Referring to FIG. 8, a patterned conductive layer is formed over the exposed surfaces of the molding material 14 and components 125A-125C, 130, and 140 to provide electrical traces 120A-120C. Various combinations of processes may be used to form the traces. In one implementation, a thin layer of conductive material, such as a metal like copper, is electrolessly plated over the entirety of the exposed surfaces of molding material 14 and components 125A-125C, 130, and 140. The plated material makes an electrical coupling to each of conductive regions 131, 132, and 142, and to each of the exposed end surfaces of conductive pillars 125A-125C. The plated material also preferably makes a metallurgical bond to each of conductive regions 131, 132, and 142, and to each of the exposed end surfaces of conductive pillars 125A-125C. (As used herein, metallurgical bond means that metal atoms of the plated material are disposed adjacent to atoms of the conductive region or pillar end surface and adhered thereto by at least weak atomic forces.)
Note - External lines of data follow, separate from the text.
(* Descent on [M]: write an element of [G_{M+1,0}] as [r y + s^(M+1) (s-r) v]
   with [y] in [G_{M,0}]; coprimality of [r] and [s^(M+1) (s-r)] then gives
   [y] the same shape one level down. *)
Lemma Gc_notin M (t e k : int) : t < R -> 0 < e -> 0 <= k ->
  ~ Gc M 0 (t * yseq M - R ^+ M * e - (S - R) * S ^+ M.+1 * k).
Proof.
move=> t_lt e_gt0; elim: M k => [|M IH] k k_ge0 Cz.
  have := Gc_ge0 Cz; rewrite /yseq expr0 expr1 mulr1 subrr mulr0 sub0r mul1r.
  have : 0 <= (S - R) * S * k by rewrite !mulr_ge0 // ltW.
  lra.
have [y [v [Cy v_ge0 zE]]] := GcS0_decomp Cz.
have XE : R * (t * yseq M - R ^+ M * e - y) = S ^+ M.+1 * (S - R) * (v - t + S * k).
  apply/eqP; rewrite -subr_eq0; apply/eqP.
  transitivity ((t * yseq M.+1 - R ^+ M.+1 * e - (S - R) * S ^+ M.+2 * k) -
                (R * y + S ^+ M.+1 * (S - R) * v)); first by rewrite yseqS !exprS; ring.
  by rewrite zE subrr.
have [w [wE yE]] := coprimez_mul_eq (lt0r_neq0 R_gt0) (coprimez_R_SSR M.+1) XE.
have w_ge0 : 0 <= w.
  have Sk_ge0 : 0 <= S * k by rewrite mulr_ge0 // ltW.
  have : 0 < R * (w + 1) by rewrite mulrDr mulr1 -wE; lra.
  by rewrite pmulr_rgt0 //; lia.
apply: (IH w w_ge0).
suff <- : y = t * yseq M - R ^+ M * e - (S - R) * S ^+ M.+1 * w by [].
by rewrite -[LHS](subKr (t * yseq M - R ^+ M * e)) yE; ring.
Qed.

Lemma nZ_neq0 j : nZ j != 0. Proof. exact: lt0r_neq0. Qed.

Lemma rn_neq0 i : (r * n i)%:Z != 0.
Proof. by rewrite PoszM mulf_neq0 // lt0r_neq0. Qed.

Lemma Gc_bond_diag i x : Gc i i x <-> Gc i.+1 i.+1 ((r * n i)%:Z * x).
Proof. by rewrite PoszM -mulrA -Gc_bond_r -Gc_bond_n. Qed.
Then a patterned mask layer is formed over the layer of conductive material to cover the areas where the traces are to be formed. Thereafter, the exposed portions of the conductive layer are etched away to leave traces 120A-120C. The patterned mask layer, which may comprise a photoresist, may be left in place or removed with a suitable solvent. Electrolytic plating may be used in combination with an electroless plating process, and suitable surface activation processes known to the art may be used to prepare the surfaces for electroless plating. In another implementation, a patterned mask layer is disposed over the exposed surfaces of molding material 14 and components 125A-125C, 130, and 140 prior to forming traces 120A-120C. This mask covers the areas where the traces are not to be formed, and leaves exposed the areas where the traces are to be formed. A thin layer of conductive material, such as a metal like copper, is electrolessly plated onto the surfaces that are left exposed by the patterned mask layer to form the traces. The plated material makes an electrical coupling to conductive regions 131, 132, and 142, and to the exposed end surfaces of conductive pillars 125A-125C. The patterned mask layer, which may comprise a photoresist, may be left in place or removed with a suitable solvent. In yet another implementation, a seed plating layer of conductive material, such as a metal like copper, is electrolessly plated over the entirety of the exposed surfaces of molding material 14 and components 125A-125C, 130, and 140. The seed layer makes an electrical coupling to conductive regions 131, 132, and 142, and to the exposed end surfaces of conductive pillars 125A-125C. Next, a patterned mask layer is disposed over the seed layer, covering the areas where the traces are not to be formed, and leaving exposed the areas where the traces are to be formed. A layer of conductive material, such as a metal like copper, is electrolytically plated onto the portions of the seed layer that are left exposed by the patterned mask layer to form the traces. The patterned layer is then removed with a solvent, and the exposed portions of the seed layer are etched away with an etchant. Each of the above process approaches results in traces 120A-120C being electrically coupled and metallurgically bonded to conductive regions 131, 132, and 142 and the exposed end surfaces of conductive pillars 125A-125C.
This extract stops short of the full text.